Uma paralisação por mais de 30 minutos das operações nos aeroportos de Guarulhos, Congonhas e Viracopos, na manhã desta quinta-feira (9), em São Paulo, afetou mais de 8 mil passageiros.
O episódio ocorreu após a identificação de fumaça em prédio da FAB que levantou suspeita de incêndio no edifício do Departamento de Controle do Espaço Aéreo (Decea).
A interrupção não teve relação com falhas no sistema de controle aéreo, conforme esclareceu o presidente da Agência Nacional de Aviação Civil (Anac), Tiago Faierstein, à Folha de S. Paulo. Segundo ele, a medida foi adotada por precaução enquanto o Corpo de Bombeiros era acionado para verificar a situação.
“Não houve nenhuma pane, isso não é verdade. O que ocorreu é que apareceu uma fumaça em uma área do prédio do Decea e, por precaução e orientação até que o Corpo de Bombeiros chegasse, os funcionários foram orientados pelo Decea a deixar o prédio”, afirmou.
De acordo com Faierstein, não houve registro de feridos nem confirmação de danos em equipamentos operacionais. “Foi apenas uma ação de precaução e de segurança, que acabou levando a essa paralisação momentânea”, disse.
Fumaça em prédio da FAB impactou operações aéreas
A fumaça em prédio da FAB levou à suspensão das atividades entre 9h30 e 10h06, no horário de Brasília, período em que pousos e decolagens foram interrompidos nos principais aeroportos da região metropolitana de São Paulo.
As estimativas iniciais indicam que cerca de 8 mil passageiros foram impactados pela paralisação. Apesar da retomada das operações em pouco mais de meia hora, os reflexos no fluxo aéreo se estenderam ao longo do dia, com atrasos acumulados.
O próprio Decea informou, por meio de nota, que houve uma interrupção temporária das operações por conta de um problema técnico operacional na região.
“Destaca-se, ainda, que as aeronaves foram devidamente sequenciadas, cumprindo rigorosamente todos os requisitos internacionais de segurança de voo e mantendo o fluxo operacional previsto para o aeródromo. A FAB informa, por fim, que as atividades já foram restabelecidas e o problema técnico será apurado pelo Decea”, afirmou o órgão.

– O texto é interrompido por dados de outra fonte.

(* Let $c>0$, $f_s>0$, let $M,N,K\ge1$ be integers, $T_{\max}=(N-1)/f_s$, and $\bm{r}^{\mathrm{mic}}_1,\dots,\bm{r}^{\mathrm{mic}}_M\in\mathbb{R}^3$ with $E_M=\{\bm{r}^{\mathrm{mic}}_m\}$. Let $\kappa=\kappa^{\mathrm{lp}}$ where $\kappa^{\mathrm{lp}}(t)=\operatorname{sinc}(\pi f_s t)$, with $\operatorname{sinc}(u)=\sin(u)/u$ for $u\ne0$ and $\operatorname{sinc}(0)=1$. Then $\Gamma^K$ is amplitude lower-bounded, i.e. there is $C>0$ with $\|\Gamma^K(\bm{a},\bm{r})\|_2\ge C\sum_{k=1}^K a_k$ for all $(\bm{a},\bm{r})\in\mathbb{R}_+^K\times\mathscr{C}^K$.
   Context: $\mathbb{R}_+=[0,+\infty)$, $\|\cdot\|_2$ is the Euclidean norm. For $\bm{r}\in\mathbb{R}^3\setminus E_M$, $\gamma(\bm{r})\in\mathbb{R}^{MN}$ has components $\gamma_{m,n}(\bm{r})=\dfrac{\kappa\big(n/f_s-\|\bm{r}-\bm{r}^{\mathrm{mic}}_m\|_2/c\big)}{4\pi\|\bm{r}-\bm{r}^{\mathrm{mic}}_m\|_2}$, $1\le m\le M$, $0\le n\le N-1$. $\mathscr{C}=\bigcap_{m=1}^M\overline{B(\bm{r}^{\mathrm{mic}}_m,cT_{\max})}\setminus E_M$. $\Gamma^K(\bm{a},\bm{r})=\sum_{k=1}^K a_k\gamma(\bm{r}_k)$. *)

From mathcomp Require Import all_boot all_order all_algebra.
From mathcomp Require Import reals trigo.
Set Implicit Arguments. Unset Strict Implicit. Unset Printing Implicit Defensive.
Import Order.TTheory GRing.Theory Num.Theory.
Local Open Scope ring_scope.

Section Defs.
Variable R : realType.

Definition sinc (u : R) : R := if u == 0 then 1 else sin u / u.

Definition kappa_lp (fs t : R) : R := sinc (pi * fs * t).

Definition norm2_3 (v : 'rV[R]_3) : R := Num.sqrt (\sum_(i < 3) (v 0 i) ^+ 2).

Definition gamma_mn (kappa : R -> R) (c fs : R) (M : nat) (mic : 'I_M -> 'rV[R]_3)
  (m : 'I_M) (n : nat) (r : 'rV[R]_3) : R :=
  kappa (n%:R / fs - norm2_3 (r - mic m) / c) / (4 * pi * norm2_3 (r - mic m)).

Definition Tmax (fs : R) (N : nat) : R := (N.-1)%:R / fs.

Definition in_Cset (c fs : R) (M N : nat) (mic : 'I_M -> 'rV[R]_3) (r : 'rV[R]_3) : Prop :=
  (forall m : 'I_M, norm2_3 (r - mic m) <= c * Tmax fs N) /\
  (forall m : 'I_M, r <> mic m).

Definition Gamma_norm (kappa : R -> R) (c fs : R) (M N K : nat) (mic : 'I_M -> 'rV[R]_3)
  (a : 'I_K -> R) (r : 'I_K -> 'rV[R]_3) : R :=
  Num.sqrt (\sum_(m < M) \sum_(n < N)
     (\sum_(k < K) a k * gamma_mn kappa c fs mic m n (r k)) ^+ 2).

End Defs.

(* Fix the first microphone.  For a source at distance D from it, the
   corresponding block of gamma(r) is (sinc (pi (n - t)))_n / (4 pi D) with
   t = fs D / c in [0, N - 1].  If t is an integer, sum_n sinc (pi (n - t))
   is 1.  Otherwise t = j + d with 0 < d < 1, sin (pi (n - t)) = +- sin (pi d),
   and the two halves of the sum are sin (pi d) / pi times alternating harmonic
   sums bounded below by 1 / (x (x + 1)); together with
   sin (pi d) >= d (1 - d) this gives sum_n sinc (pi (n - t)) >= 1 / (2 pi).
   As the amplitudes are nonnegative, the block sum of Gamma is then at least
   B * sum_k a_k with B = 1 / (8 pi^2 (c Tmax + 1)), while a sum of N entries
   is at most N times the Euclidean norm. *)

From mathcomp Require Import all_boot all_order all_algebra.
From mathcomp Require Import reals trigo.
From mathcomp Require Import ring lra zify.
Import Order.TTheory GRing.Theory Num.Theory.
Local Open Scope ring_scope.

Section JordanBound.
Variable R : realType.
Implicit Types y : R.

Lemma sin_mulr2n_le y : 0 <= sin y -> sin (y *+ 2) <= sin y *+ 2.
Proof.
move=> sy0; rewrite sin_mulr2n lerMn2r /=.
by rewrite -[leRHS]mul1r ler_wpM2r // cos_le1.
Qed.

Lemma sin_pi_quarter_ge : 1 / 2 <= sin (pi / 4 : R).
Proof.
have pi0 := pi_gt0 R.
have s0 : 0 <= sin (pi / 4 : R) by apply: sin_ge0_pi; apply/andP; split; lra.
have := sin_mulr2n_le _ s0.
have -> : (pi / 4 : R) *+ 2 = pi / 2 by rewrite -mulr_natr; field.
rewrite sin_pihalf mulr2n; lra.
Qed.

(* Doubling: [sin y >= sin (2y) / 2], so it suffices to treat [y] in
   [(pi/4, pi/2]], where [sin y >= sin (pi/4) >= 1/2]. *)
Lemma sin_ge_div_pi y : 0 < y <= pi / 2 -> y / pi <= sin y.
Proof.
move=> /andP[y0 ypi]; have pi0 := pi_gt0 R.
have base (z : R) : pi / 4 < z <= pi / 2 -> z / pi <= sin z.
  move=> /andP[z_gt z_le]; have quarter := sin_pi_quarter_ge.
  have : sin (pi / 4) < sin z.
    by rewrite ltr_sin ?in_itv /= ?z_gt ?z_le ?andbT //; [apply/andP; split|]; lra.
  by rewrite ler_pdivrMr //; nra.
have [k yk] : exists k, pi / 4 < y * 2 ^+ k.
  set k := Num.trunc (pi / (4 * y)); exists k.+1.
  have /andP[_ truncS] := truncn_itv (ltW (divr_gt0 pi0 (mulr_gt0 (ltr0n R 4) y0))).
  have k_lt_2k : k.+1%:R <= 2 ^+ k.+1 :> R by rewrite -natrX ler_nat ltnW // ltn_expl.
  rewrite ltr_pdivrMr in truncS; last by lra.
  rewrite ltr_pdivrMr; nra.
elim: k y y0 ypi yk => [|k IH] y y0 ypi.
  by rewrite expr0 mulr1 => yk; apply: base; apply/andP; split.
rewrite exprS mulrA => yk.
have [y_le|y_gt] := lerP y (pi / 4); last by apply: base; apply/andP; split.
have y2 : y *+ 2 = y * 2 by lra.
have h2y : y *+ 2 / pi <= sin (y *+ 2) by apply: IH; rewrite y2 //; lra.
have : sin (y *+ 2) <= sin y *+ 2 by apply/sin_mulr2n_le/sin_ge0_pi/andP; split; lra.
move: h2y; rewrite y2 mulrAC; set q := y / pi; lra.
Qed.

Lemma sin_piB y : sin (pi - y) = sin y.
Proof. by rewrite sinB sinpi cospi mul0r sub0r mulN1r opprK. Qed.

Lemma sin_pi_mul_ge (x : R) : 0 < x < 1 -> x * (1 - x) <= sin (pi * x).
Proof.
move=> /andP[x0 x1]; have pi0 := pi_gt0 R.
have sin_ge (z : R) : 0 < z <= 1 / 2 -> z <= sin (pi * z).
  move=> /andP[z0 z_le]; rewrite -[leLHS](mulKf (lt0r_neq0 pi0)) mulrC.
  by apply: sin_ge_div_pi; apply/andP; split; nra.
have [x_le|x_gt] := lerP x (1 / 2).
  by apply: le_trans (sin_ge _ _); [nra | apply/andP; split].
have -> : pi * x = pi - pi * (1 - x) by ring.
by rewrite sin_piB; apply: le_trans (sin_ge _ _); [nra | apply/andP; split; lra].
Qed.

End JordanBound.

Section SincSums.
Variable R : realType.

Definition alt_harmonic (L : nat) (x : R) : R :=
  \sum_(i < L.+1) (-1) ^+ i / (x + i%:R).

Lemma alt_harmonicS (L : nat) (x : R) :
  alt_harmonic L.+1 x = 1 / x - alt_harmonic L (x + 1).
Proof.
rewrite /alt_harmonic big_ord_recl expr0 addr0 -sumrN; congr (_ + _).
apply: eq_bigr => i _.
by rewrite exprS mulN1r mulNr lift0 -natr1 addrA addrAC.
Qed.

Lemma alt_harmonic_bounds (L : nat) (x : R) :
  0 < x -> 1 / x - 1 / (x + 1) <= alt_harmonic L x <= 1 / x.
Proof.
elim: L x => [|L IH] x x0.
  rewrite /alt_harmonic big_ord1 expr0 addr0 lexx andbT gerBl.
  by rewrite divr_ge0 // ltW // ltr_wpDr.
have /andP[lo hi] := IH (x + 1) (ltr_wpDr ler01 x0).
have : 1 / (x + 1 + 1) <= 1 / (x + 1) by rewrite !div1r lef_pV2 ?posrE; lra.
by rewrite alt_harmonicS => ?; apply/andP; split; lra.
Qed.

Lemma sincN (u : R) : sinc (- u) = sinc u.
Proof. by rewrite /sinc oppr_eq0 sinN invrN mulrNN. Qed.

Lemma sin_pi_natD (i : nat) (y : R) : sin (pi * i%:R + y) = (-1) ^+ i * sin y.
Proof. by rewrite addrC mulr_natr (alternatingn (@sinDpi R)). Qed.

Lemma sinc_pi_nat (m : nat) : sinc (pi * m%:R : R) = (m == 0)%:R.
Proof.
case: m => [|m]; first by rewrite mulr0 /sinc eqxx.
rewrite /sinc mulf_eq0 pnatr_eq0 (negbTE (lt0r_neq0 (pi_gt0 R))) orbF.
rewrite -[pi * _]addr0 sin_pi_natD sin0 mulr0 mul0r.
exact: esym (mulr0n 1).
Qed.

Lemma sinc_pi_natB (n j : nat) : sinc (pi * (n%:R - j%:R) : R) = (n == j)%:R.
Proof.
have [j_le|n_lt] := leqP j n.
  by rewrite -(natrB _ j_le) sinc_pi_nat subn_eq0 eqn_leq j_le andbT.
rewrite -opprB -(natrB _ (ltnW n_lt)) mulrN sincN sinc_pi_nat subn_eq0.
by rewrite leqNgt n_lt ltn_eqF.
Qed.

Lemma sinc_pi_natD (i : nat) (x : R) : 0 < x ->
  sinc (pi * (i%:R + x)) = sin (pi * x) / pi * ((-1) ^+ i / (x + i%:R)).
Proof.
move=> x0; have pi0 := pi_gt0 R.
have ix0 : 0 < i%:R + x by rewrite ltr_wpDl ?ler0n.
rewrite /sinc mulf_eq0 (gt_eqF pi0) (gt_eqF ix0) orbF.
rewrite mulrDr sin_pi_natD [x + _]addrC.
by rewrite -mulrDr invfM; ring.
Qed.

Lemma sum_sinc_pi_natD (L : nat) (x : R) : 0 < x ->
  \sum_(i < L.+1) sinc (pi * (i%:R + x)) = sin (pi * x) / pi * alt_harmonic L x.
Proof.
move=> x0; rewrite /alt_harmonic mulr_sumr.
by apply: eq_bigr => i _; rewrite sinc_pi_natD.
Qed.

Lemma sum_sinc_pi_natD_ge (L : nat) (x : R) : 0 < x < 1 ->
  (1 - x) / (pi *+ 2) <= \sum_(i < L.+1) sinc (pi * (i%:R + x)).
Proof.
move=> x01; have /andP[x0 x1] := x01.
have x1x0 : 0 < x * (1 - x) by nra.
have alt_lo : (x * (1 - x))^-1 * ((1 - x) / (x + 1)) <= alt_harmonic L x.
  have /andP[lo _] := alt_harmonic_bounds L x x0.
  suff -> : (x * (1 - x))^-1 * ((1 - x) / (x + 1)) = 1 / x - 1 / (x + 1) by [].
  by field; rewrite !gt_eqF //; lra.
have half_le : (1 - x) / 2 <= (1 - x) / (x + 1).
  by rewrite ler_wpM2l ?lef_pV2 ?posrE; lra.
rewrite sum_sinc_pi_natD // -mulr_natr invfM mulrA [leLHS]mulrAC [leRHS]mulrAC.
rewrite ler_pM2r ?invr_gt0 ?pi_gt0 //.
apply: le_trans half_le _; rewrite -[leLHS](mulVKf (lt0r_neq0 x1x0)).
by apply: ler_pM; [exact: ltW | rewrite mulr_ge0 ?invr_ge0 ?divr_ge0; lra | exact: sin_pi_mul_ge |].
Qed.

Lemma sum_sinc_pi_natB (N j : nat) : (j < N)%N ->
  \sum_(n < N) sinc (pi * (n%:R - j%:R) : R) = 1.
Proof.
move=> jN; rewrite (bigD1 (Ordinal jN)) //= sinc_pi_natB eqxx big1 ?addr0 //.
move=> n /eqP n_neq_j; rewrite sinc_pi_natB.
suff /negbTE -> : (n : nat) != j by [].
by apply/eqP => eq_nj; apply: n_neq_j; exact: val_inj.
Qed.

Lemma sum_sinc_pi_split (N j : nat) (d : R) : (j.+1 < N)%N ->
  \sum_(n < N) sinc (pi * (n%:R - (j%:R + d))) =
  \sum_(i < j.+1) sinc (pi * (i%:R + d)) +
  \sum_(i < (N - j.+2).+1) sinc (pi * (i%:R + (1 - d))).
Proof.
move=> jN.
rewrite -(big_mkord xpredT (fun n => sinc (pi * (n%:R - (j%:R + d))))).
rewrite (big_cat_nat (leq0n j.+1) (ltnW jN)) /=.
congr (_ + _).
  rewrite big_nat_rev big_mkord; apply: eq_bigr => i _.
  rewrite add0n subSS (natrB _ (leq_ord i)) -sincN; congr (sinc _); ring.
rewrite -{1}[j.+1]add0n big_addn -subSn // subSS big_mkord.
apply: eq_bigr => i _; rewrite natrD -natr1; congr (sinc _); ring.
Qed.

Lemma sum_sinc_pi_ge (N : nat) (t : R) : (0 < N)%N -> 0 <= t <= (N.-1)%:R ->
  1 / (pi *+ 2) <= \sum_(n < N) sinc (pi * (n%:R - t)).
Proof.
move=> N0 /andP[t0 tN]; have pi2 := pi_ge2 R.
have /andP[jt tj] := truncn_itv t0; set j := Num.trunc t in jt tj.
have jN : (j < N)%N by move: (le_trans jt tN); rewrite ler_nat; lia.
have [->|t_neq_j] := eqVneq t j%:R.
  by rewrite sum_sinc_pi_natB // ler_pdivrMr ?mul1r; lra.
set d := t - j%:R.
have d0 : 0 < d by rewrite lt_neqAle eq_sym subr_eq0 t_neq_j subr_ge0.
have d1 : d < 1 by move: tj; rewrite -natr1 /d; lra.
have jN1 : (j.+1 < N)%N.
  suff : j%:R < (N.-1)%:R :> R by rewrite ltr_nat; lia.
  by move: tN; rewrite /d; lra.
have -> : t = j%:R + d by rewrite /d addrC subrK.
rewrite sum_sinc_pi_split //.
have -> : 1 / (pi *+ 2) = (1 - d) / (pi *+ 2) + (1 - (1 - d)) / (pi *+ 2).
  by rewrite -mulrDl addrC subrK.
by apply: lerD; apply: sum_sinc_pi_natD_ge; apply/andP; split; lra.
Qed.
End SincSums.

Section ArrayResponse.
Variable R : realType.

Lemma ler_sqrt_sum_sqr (I J : finType) (x : I -> J -> R) (i : I) (j : J) :
  x i j <= Num.sqrt (\sum_i0 \sum_j0 x i0 j0 ^+ 2).
Proof.
apply: le_trans (ler_norm _) _; rewrite -sqrtr_sqr ler_wsqrtr //.
rewrite (bigD1 i) //= (bigD1 j) //= -addrA lerDl.
by apply: addr_ge0; apply: sumr_ge0 => *; rewrite ?sqr_ge0 ?sumr_ge0 // => *; rewrite sqr_ge0.
Qed.

Lemma sum_le_sqrt_sum_sqr (M N : nat) (x : 'I_M -> 'I_N -> R) (m : 'I_M) :
  \sum_(n < N) x m n <= N%:R * Num.sqrt (\sum_(m0 < M) \sum_(n < N) x m0 n ^+ 2).
Proof.
rewrite mulr_natl -[N in _ *+ N]card_ord -sumr_const.
by apply: ler_sum => n _; apply: ler_sqrt_sum_sqr.
Qed.

Lemma norm2_3_gt0 (v : 'rV[R]_3) : v != 0 -> 0 < norm2_3 v.
Proof.
move=> v_neq0; have sq0 (k : 'I_3) : 0 <= v 0 k ^+ 2 := sqr_ge0 _.
rewrite /norm2_3 sqrtr_gt0 lt_neqAle eq_sym sumr_ge0 // andbT.
apply: contra v_neq0 => /eqP/psumr_eq0P v0; apply/eqP/matrixP => i j.
by rewrite ord1 mxE; apply/eqP; rewrite -sqrf_eq0 v0.
Qed.

Lemma gamma_lp_sinc (c fs : R) (M : nat) (mic : 'I_M -> 'rV[R]_3) m n r :
  fs != 0 ->
  gamma_mn (kappa_lp fs) c fs mic m n r =
  sinc (pi * (n%:R - fs * norm2_3 (r - mic m) / c)) / (4 * pi * norm2_3 (r - mic m)).
Proof.
move=> fs_neq0; rewrite /gamma_mn /kappa_lp; congr (sinc _ / _).
rewrite -mulrA; congr (pi * _).
by rewrite mulrBr mulrCA (divff fs_neq0) mulr1 mulrA.
Qed.

(* The [+ 1] keeps the constant positive when [Tmax fs N = 0], where the set
   of admissible sources is empty. *)
Lemma sum_gamma_lp_ge (c fs : R) (M N : nat) (mic : 'I_M -> 'rV[R]_3) m r :
  0 < c -> 0 < fs -> (0 < N)%N -> in_Cset c fs N mic r ->
  1 / (pi *+ 2) / (4 * pi * (c * Tmax fs N + 1)) <=
  \sum_(n < N) gamma_mn (kappa_lp fs) c fs mic m n r.
Proof.
move=> c0 fs0 N0 [r_in r_ne]; have pi0 := pi_gt0 R.
set D := norm2_3 (r - mic m).
have D0 : 0 < D by apply: norm2_3_gt0; rewrite subr_eq0; apply/eqP.
have DT : D <= c * Tmax fs N := r_in m.
have t_itv : 0 <= fs * D / c <= (N.-1)%:R.
  have -> : (N.-1)%:R = fs * (c * Tmax fs N) / c.
    by rewrite /Tmax; field; rewrite !gt_eqF.
  apply/andP; split; first by rewrite divr_ge0 ?mulr_ge0 // ltW.
  by rewrite ler_pM2r ?invr_gt0 // ler_pM2l.
rewrite (eq_bigr _ (fun (n : 'I_N) _ => gamma_lp_sinc c fs M mic m n r (lt0r_neq0 fs0))).
rewrite -mulr_suml.
have cT0 : 0 <= c * Tmax fs N := le_trans (ltW D0) DT.
have pi4 : 0 < 4 * pi :> R by rewrite mulr_gt0.
have inv2pi0 : 0 <= 1 / (pi *+ 2) :> R := divr_ge0 ler01 (mulrn_wge0 2 (ltW pi0)).
apply: ler_pM => //.
- by rewrite invr_ge0 mulr_ge0 ?addr_ge0 // ltW.
- exact: sum_sinc_pi_ge.
have cT1 : 0 < c * Tmax fs N + 1 by lra.
by rewrite lef_pV2 ?posrE ?(mulr_gt0 pi4) // ler_pM2l // -/D; lra.
Qed.

End ArrayResponse.

Theorem corollary1 (R : realType) (c fs : R) (M N K : nat)
  (mic : 'I_M -> 'rV[R]_3) :
  0 < c -> 0 < fs -> (1 <= M)%N -> (1 <= N)%N -> (1 <= K)%N ->
  exists C : R, 0 < C /\
    forall (a : 'I_K -> R) (r : 'I_K -> 'rV[R]_3),
      (forall k, 0 <= a k) ->
      (forall k, in_Cset c fs N mic (r k)) ->
      C * (\sum_(k < K) a k) <= Gamma_norm (kappa_lp fs) c fs N mic a r.
Proof.
move=> c0 fs0 M0 N0 _; have pi0 := pi_gt0 R.
set B := 1 / (pi *+ 2) / (4 * pi * (c * Tmax fs N + 1)).
have B0 : 0 < B.
  have cT0 : 0 <= c * Tmax fs N := mulr_ge0 (ltW c0) (divr_ge0 (ler0n _ _) (ltW fs0)).
  apply: divr_gt0; first by rewrite divr_gt0 // mulrn_wgt0.
  by rewrite !mulr_gt0 // ltr_wpDl.
exists (B / N%:R); split; first by rewrite divr_gt0 ?ltr0n.
move=> a r a0 r_in; set m0 : 'I_M := Ordinal M0.
rewrite mulrAC ler_pdivrMr ?ltr0n // [leRHS]mulrC.
pose x (m : 'I_M) (n : 'I_N) := \sum_(k < K) a k * gamma_mn (kappa_lp fs) c fs mic m n (r k).
apply: le_trans (@sum_le_sqrt_sum_sqr R M N x m0).
rewrite /x exchange_big mulr_sumr; apply: ler_sum => k _.
rewrite -mulr_sumr mulrC ler_wpM2l //.
exact: sum_gamma_lp_ge.
Qed.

Possível vazamento de gás é investigado
O ministro de Portos e Aeroportos, Tomé Franca, afirmou que há indícios de um possível vazamento de gás na torre militar, o que pode ter provocado a fumaça em prédio da FAB.
A causa exata do incidente ainda não foi confirmada pelas autoridades, que seguem investigando o ocorrido.

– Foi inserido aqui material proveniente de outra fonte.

Lemma mul_bin_sub_swap k i n : 'C(k, i) * 'C(k - i, n) = 'C(k, n) * 'C(k - n, i).
Proof.
have [le_in_k|lt_k_in] := leqP (i + n) k; last first.
  have [le_ik|lt_ki] := leqP i k; last first.
    rewrite (@bin_small k i) // mul0n.
    have [le_nk|lt_kn] := leqP n k; last by rewrite bin_small.
    by rewrite (@bin_small (k - n) i) ?muln0 //; lia.
  rewrite (@bin_small (k - i) n) ?muln0; last by lia.
  have [le_nk|lt_kn] := leqP n k; last by rewrite bin_small.
  by rewrite (@bin_small (k - n) i) ?muln0 //; lia.
have le_ik : i <= k by lia.
have le_nk : n <= k by lia.
have e : k - i - n = k - n - i by lia.
have facts_gt0 : 0 < i`! * n`! * (k - i - n)`! by rewrite !muln_gt0 !fact_gt0.
apply/eqP; rewrite -(eqn_pmul2r facts_gt0); apply/eqP.
have le_n_ki : n <= k - i by lia.
have le_i_kn : i <= k - n by lia.
have fact_ki := bin_fact le_ik; have fact_kn := bin_fact le_nk.
have fact_kin := bin_fact le_n_ki; have fact_kni := bin_fact le_i_kn.
rewrite e in fact_kin *.
transitivity (k`!); first by rewrite -fact_ki -fact_kin; ring.
by rewrite -fact_kn -fact_kni; ring.
Qed.

Lemma Vandermonde_sub k m n :
  \sum_(i < m.+1) 'C(k, i) * 'C(m, i) * 'C(k - i, n) = 'C(k, n) * 'C(k + m - n, m).
Proof.
have [le_nk|lt_kn] := leqP n k; last first.
  rewrite (@bin_small k n) // mul0n big1 // => i _.
  by rewrite (@bin_small (k - i) n) ?muln0 //; lia.
transitivity (\sum_(i < m.+1) 'C(k, n) * ('C(k - n, i) * 'C(m, m - i))).
  apply: eq_bigr => i _; rewrite bin_sub; last by rewrite -ltnS.
  by rewrite mulnAC mul_bin_sub_swap mulnA mulnAC.
rewrite -big_distrr /= binomial.Vandermonde; congr (_ * 'C(_, _)); lia.
Qed.

Local Open Scope ring_scope.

Diante do impacto na malha aérea, a Anac avalia medidas operacionais, como a ampliação do horário de funcionamento do Aeroporto de Congonhas, para reduzir os efeitos da paralisação e normalizar o fluxo de voos.
“Até o final do dia, toda malha deve estar funcionando normalmente. Ainda estamos estudando o impacto total. São cerca de 8.000 passageiros impactados, segundo os dados preliminares”, comentou Faierstein.